§ What you are asked to do
Please filter the entries and return only the lines that include "case".

§ Data extract
# # # #

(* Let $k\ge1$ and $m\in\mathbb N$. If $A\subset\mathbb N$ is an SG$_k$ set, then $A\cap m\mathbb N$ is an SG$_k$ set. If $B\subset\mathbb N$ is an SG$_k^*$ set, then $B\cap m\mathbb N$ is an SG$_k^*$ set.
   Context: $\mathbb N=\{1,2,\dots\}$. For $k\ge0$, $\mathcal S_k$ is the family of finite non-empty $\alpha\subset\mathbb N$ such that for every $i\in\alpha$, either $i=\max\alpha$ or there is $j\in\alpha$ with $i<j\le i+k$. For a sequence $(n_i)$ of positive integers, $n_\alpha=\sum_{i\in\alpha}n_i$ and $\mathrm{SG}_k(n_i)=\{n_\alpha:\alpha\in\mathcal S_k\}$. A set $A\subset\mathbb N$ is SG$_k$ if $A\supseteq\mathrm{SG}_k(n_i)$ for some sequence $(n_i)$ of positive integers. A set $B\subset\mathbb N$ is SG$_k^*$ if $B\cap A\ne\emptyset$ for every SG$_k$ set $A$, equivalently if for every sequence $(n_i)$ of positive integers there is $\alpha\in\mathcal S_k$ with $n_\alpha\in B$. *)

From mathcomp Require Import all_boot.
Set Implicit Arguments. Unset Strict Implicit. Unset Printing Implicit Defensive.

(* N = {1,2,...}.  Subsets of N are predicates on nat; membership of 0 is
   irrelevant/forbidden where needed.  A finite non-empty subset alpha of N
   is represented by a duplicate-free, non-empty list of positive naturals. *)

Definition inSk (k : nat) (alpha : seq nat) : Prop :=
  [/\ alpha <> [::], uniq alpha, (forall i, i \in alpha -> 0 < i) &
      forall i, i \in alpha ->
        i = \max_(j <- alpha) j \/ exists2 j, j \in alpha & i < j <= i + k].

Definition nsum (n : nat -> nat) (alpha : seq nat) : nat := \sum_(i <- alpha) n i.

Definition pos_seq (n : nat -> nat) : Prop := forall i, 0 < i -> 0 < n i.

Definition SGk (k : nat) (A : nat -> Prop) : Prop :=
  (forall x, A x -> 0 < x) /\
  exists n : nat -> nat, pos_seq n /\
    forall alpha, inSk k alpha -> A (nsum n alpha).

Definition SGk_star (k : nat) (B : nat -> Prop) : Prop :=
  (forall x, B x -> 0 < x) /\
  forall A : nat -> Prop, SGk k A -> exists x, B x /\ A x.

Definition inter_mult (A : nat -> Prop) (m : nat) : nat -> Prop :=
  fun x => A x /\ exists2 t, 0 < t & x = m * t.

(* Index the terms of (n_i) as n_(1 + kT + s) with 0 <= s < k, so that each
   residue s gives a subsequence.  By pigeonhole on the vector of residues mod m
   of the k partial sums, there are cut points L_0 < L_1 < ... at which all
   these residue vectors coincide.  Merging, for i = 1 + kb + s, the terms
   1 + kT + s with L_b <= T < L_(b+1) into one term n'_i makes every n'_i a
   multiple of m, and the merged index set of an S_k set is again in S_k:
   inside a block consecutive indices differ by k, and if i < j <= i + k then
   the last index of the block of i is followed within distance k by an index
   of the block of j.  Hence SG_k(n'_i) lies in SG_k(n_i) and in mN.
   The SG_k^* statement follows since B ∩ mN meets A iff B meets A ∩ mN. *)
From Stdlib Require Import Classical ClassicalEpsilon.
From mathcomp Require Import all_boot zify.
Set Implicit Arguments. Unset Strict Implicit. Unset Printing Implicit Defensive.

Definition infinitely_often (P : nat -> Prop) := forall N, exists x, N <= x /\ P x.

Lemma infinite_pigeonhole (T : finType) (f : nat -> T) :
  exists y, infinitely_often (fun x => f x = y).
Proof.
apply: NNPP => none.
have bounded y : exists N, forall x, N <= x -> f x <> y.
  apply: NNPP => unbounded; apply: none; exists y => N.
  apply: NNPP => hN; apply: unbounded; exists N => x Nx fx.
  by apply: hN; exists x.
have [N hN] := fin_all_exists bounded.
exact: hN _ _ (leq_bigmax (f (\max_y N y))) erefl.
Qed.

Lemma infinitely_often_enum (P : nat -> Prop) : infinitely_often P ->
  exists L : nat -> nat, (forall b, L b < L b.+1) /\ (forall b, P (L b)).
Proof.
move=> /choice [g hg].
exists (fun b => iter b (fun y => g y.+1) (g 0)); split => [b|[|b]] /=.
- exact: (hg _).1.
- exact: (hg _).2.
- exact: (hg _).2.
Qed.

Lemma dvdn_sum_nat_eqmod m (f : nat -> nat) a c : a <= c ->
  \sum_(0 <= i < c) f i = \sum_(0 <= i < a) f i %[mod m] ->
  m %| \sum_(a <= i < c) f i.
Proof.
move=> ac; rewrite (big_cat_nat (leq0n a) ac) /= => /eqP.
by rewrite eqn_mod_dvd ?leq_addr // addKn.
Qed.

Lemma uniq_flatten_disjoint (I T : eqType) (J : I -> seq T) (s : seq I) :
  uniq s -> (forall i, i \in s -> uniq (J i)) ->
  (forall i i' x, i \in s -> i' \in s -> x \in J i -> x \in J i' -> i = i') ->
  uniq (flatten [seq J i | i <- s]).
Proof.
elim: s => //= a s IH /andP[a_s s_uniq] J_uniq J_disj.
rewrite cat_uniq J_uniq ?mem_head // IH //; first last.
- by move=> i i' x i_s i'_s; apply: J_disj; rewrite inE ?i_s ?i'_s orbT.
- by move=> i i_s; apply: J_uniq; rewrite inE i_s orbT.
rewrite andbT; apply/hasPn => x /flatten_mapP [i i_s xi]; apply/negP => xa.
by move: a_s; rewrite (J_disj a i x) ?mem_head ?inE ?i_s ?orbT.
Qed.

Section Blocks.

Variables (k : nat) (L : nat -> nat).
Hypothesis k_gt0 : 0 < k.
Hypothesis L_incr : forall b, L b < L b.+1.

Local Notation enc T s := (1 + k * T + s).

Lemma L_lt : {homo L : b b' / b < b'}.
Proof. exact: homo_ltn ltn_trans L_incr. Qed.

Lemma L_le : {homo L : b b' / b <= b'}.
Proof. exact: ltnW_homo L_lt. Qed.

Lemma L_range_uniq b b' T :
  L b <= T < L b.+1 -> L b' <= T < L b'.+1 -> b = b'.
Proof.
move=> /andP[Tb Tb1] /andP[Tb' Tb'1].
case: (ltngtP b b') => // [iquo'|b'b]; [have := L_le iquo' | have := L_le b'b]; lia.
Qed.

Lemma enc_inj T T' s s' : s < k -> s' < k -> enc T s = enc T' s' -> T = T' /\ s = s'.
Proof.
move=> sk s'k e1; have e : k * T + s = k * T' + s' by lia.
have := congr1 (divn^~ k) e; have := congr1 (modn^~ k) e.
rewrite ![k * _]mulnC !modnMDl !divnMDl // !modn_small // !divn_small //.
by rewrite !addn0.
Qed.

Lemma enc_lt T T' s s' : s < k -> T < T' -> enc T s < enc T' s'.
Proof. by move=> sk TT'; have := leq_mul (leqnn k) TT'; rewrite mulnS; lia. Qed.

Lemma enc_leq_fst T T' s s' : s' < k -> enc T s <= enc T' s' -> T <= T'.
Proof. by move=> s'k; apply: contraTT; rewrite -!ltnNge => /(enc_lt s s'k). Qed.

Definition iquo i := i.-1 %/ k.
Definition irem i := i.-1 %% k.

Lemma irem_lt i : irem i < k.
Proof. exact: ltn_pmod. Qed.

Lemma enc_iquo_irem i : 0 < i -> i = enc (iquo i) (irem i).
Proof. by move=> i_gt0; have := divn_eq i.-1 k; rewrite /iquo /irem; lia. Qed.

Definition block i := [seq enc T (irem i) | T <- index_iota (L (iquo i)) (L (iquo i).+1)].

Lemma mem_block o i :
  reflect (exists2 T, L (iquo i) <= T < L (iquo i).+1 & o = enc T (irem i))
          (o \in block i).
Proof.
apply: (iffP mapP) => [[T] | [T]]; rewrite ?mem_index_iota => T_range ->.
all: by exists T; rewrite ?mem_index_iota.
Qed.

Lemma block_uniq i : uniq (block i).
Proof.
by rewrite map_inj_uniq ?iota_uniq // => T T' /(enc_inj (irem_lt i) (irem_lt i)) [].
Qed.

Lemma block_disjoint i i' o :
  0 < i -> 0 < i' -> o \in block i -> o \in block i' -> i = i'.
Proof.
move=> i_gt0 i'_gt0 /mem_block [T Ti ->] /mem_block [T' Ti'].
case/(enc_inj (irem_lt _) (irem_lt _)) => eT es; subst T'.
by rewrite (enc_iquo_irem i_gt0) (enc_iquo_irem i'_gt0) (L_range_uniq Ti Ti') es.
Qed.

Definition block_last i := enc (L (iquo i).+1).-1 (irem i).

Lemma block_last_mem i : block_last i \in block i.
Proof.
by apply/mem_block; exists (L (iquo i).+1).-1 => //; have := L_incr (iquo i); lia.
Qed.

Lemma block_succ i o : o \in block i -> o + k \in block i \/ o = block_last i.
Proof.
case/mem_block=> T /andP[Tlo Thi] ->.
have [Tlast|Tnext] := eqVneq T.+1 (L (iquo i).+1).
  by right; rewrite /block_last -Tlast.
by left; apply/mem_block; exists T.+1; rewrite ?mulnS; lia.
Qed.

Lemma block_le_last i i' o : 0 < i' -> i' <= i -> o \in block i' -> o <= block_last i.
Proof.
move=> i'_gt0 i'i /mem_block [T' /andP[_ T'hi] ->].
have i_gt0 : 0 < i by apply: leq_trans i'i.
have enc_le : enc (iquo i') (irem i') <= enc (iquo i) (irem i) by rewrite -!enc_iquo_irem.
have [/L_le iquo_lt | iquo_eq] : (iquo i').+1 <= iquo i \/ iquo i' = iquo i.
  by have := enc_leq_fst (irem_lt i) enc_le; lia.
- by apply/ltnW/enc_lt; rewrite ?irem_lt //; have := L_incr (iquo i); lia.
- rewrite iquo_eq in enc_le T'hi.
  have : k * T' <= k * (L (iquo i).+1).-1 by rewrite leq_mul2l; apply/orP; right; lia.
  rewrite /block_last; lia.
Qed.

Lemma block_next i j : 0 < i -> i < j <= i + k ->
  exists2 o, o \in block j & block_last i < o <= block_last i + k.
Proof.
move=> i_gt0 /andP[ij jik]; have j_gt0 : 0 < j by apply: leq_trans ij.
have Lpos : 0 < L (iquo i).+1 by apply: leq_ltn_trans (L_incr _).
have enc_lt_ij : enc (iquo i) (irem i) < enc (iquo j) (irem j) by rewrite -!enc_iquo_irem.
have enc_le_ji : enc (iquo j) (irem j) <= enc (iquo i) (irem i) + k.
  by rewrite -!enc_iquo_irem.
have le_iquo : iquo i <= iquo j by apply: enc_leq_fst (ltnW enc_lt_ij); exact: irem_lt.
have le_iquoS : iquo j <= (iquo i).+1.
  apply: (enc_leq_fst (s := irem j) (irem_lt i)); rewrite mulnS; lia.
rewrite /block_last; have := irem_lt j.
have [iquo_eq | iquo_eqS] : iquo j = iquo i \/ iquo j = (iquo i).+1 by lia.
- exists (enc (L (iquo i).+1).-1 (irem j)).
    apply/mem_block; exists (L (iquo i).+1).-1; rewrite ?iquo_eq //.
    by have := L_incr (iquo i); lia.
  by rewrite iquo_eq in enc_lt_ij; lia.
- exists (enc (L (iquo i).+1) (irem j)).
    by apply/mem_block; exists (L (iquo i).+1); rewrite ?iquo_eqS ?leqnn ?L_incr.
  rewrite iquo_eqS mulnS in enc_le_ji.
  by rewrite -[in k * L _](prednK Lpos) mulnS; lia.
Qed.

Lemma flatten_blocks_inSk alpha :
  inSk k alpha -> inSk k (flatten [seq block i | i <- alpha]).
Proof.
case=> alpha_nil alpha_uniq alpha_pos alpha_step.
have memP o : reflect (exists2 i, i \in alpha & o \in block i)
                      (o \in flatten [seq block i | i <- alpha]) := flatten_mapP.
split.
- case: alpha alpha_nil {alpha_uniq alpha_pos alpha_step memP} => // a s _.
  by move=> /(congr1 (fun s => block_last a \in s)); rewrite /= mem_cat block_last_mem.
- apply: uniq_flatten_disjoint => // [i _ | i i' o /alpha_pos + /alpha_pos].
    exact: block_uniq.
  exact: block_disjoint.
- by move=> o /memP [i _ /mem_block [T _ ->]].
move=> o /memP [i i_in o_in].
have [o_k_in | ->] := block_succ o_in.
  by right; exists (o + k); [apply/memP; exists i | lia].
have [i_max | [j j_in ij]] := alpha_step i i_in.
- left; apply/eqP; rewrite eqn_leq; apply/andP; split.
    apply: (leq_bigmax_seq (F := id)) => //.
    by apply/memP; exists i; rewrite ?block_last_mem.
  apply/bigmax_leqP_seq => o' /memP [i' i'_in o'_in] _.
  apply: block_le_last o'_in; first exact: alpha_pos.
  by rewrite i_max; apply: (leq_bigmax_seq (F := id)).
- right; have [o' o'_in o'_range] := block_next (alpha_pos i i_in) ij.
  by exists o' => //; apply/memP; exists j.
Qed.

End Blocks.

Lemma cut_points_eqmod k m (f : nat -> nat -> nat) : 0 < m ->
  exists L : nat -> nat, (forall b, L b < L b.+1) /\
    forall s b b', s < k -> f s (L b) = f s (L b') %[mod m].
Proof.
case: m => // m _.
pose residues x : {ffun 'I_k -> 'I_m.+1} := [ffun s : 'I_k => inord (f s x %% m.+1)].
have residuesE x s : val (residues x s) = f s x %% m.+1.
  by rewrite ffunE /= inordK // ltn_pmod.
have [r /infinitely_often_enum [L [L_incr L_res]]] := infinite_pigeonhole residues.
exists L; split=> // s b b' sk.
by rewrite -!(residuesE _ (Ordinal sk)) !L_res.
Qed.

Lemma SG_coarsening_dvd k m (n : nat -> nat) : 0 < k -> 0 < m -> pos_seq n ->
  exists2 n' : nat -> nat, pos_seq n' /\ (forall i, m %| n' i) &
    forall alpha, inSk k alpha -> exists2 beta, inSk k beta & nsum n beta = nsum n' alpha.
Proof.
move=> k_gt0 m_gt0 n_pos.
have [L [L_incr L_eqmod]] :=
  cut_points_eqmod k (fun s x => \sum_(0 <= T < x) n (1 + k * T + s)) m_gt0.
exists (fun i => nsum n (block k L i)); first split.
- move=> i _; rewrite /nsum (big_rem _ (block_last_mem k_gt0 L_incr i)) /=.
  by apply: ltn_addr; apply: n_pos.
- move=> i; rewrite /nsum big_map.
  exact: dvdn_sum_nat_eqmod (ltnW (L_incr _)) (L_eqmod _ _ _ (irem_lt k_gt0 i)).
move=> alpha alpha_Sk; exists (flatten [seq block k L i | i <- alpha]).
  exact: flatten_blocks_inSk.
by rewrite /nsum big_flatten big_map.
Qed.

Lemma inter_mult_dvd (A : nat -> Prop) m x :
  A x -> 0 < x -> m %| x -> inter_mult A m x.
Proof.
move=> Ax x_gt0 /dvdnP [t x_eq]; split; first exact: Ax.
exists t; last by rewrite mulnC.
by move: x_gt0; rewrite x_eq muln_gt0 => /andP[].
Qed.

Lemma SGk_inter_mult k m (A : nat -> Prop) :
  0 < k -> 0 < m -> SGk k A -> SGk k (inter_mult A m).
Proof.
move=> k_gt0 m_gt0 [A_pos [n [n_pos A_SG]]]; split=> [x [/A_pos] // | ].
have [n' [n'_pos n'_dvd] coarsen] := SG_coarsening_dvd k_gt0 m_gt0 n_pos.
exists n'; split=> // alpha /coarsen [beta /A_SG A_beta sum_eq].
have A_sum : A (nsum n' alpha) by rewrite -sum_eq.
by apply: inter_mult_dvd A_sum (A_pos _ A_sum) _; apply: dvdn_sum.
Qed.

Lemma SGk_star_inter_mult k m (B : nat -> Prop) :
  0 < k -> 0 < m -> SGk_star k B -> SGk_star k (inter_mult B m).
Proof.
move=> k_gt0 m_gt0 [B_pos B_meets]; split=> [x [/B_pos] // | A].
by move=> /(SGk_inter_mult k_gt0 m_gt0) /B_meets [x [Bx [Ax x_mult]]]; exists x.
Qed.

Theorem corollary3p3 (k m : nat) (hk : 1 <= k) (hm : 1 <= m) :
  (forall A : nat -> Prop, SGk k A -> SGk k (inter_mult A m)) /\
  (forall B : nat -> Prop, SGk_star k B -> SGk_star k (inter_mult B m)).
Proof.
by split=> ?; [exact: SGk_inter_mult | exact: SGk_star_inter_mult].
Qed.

# # # #

§ Solution for this problem
case: (ltngtP b b') => // [iquo'|b'b]; [have := L_le iquo' | have := L_le b'b]; lia.
case/(enc_inj (irem_lt _) (irem_lt _)) => eT es; subst T'.
case/mem_block=> T /andP[Tlo Thi] ->.
case=> alpha_nil alpha_uniq alpha_pos alpha_step.
- case: alpha alpha_nil {alpha_uniq alpha_pos alpha_step memP} => // a s _.
case: m => // m _.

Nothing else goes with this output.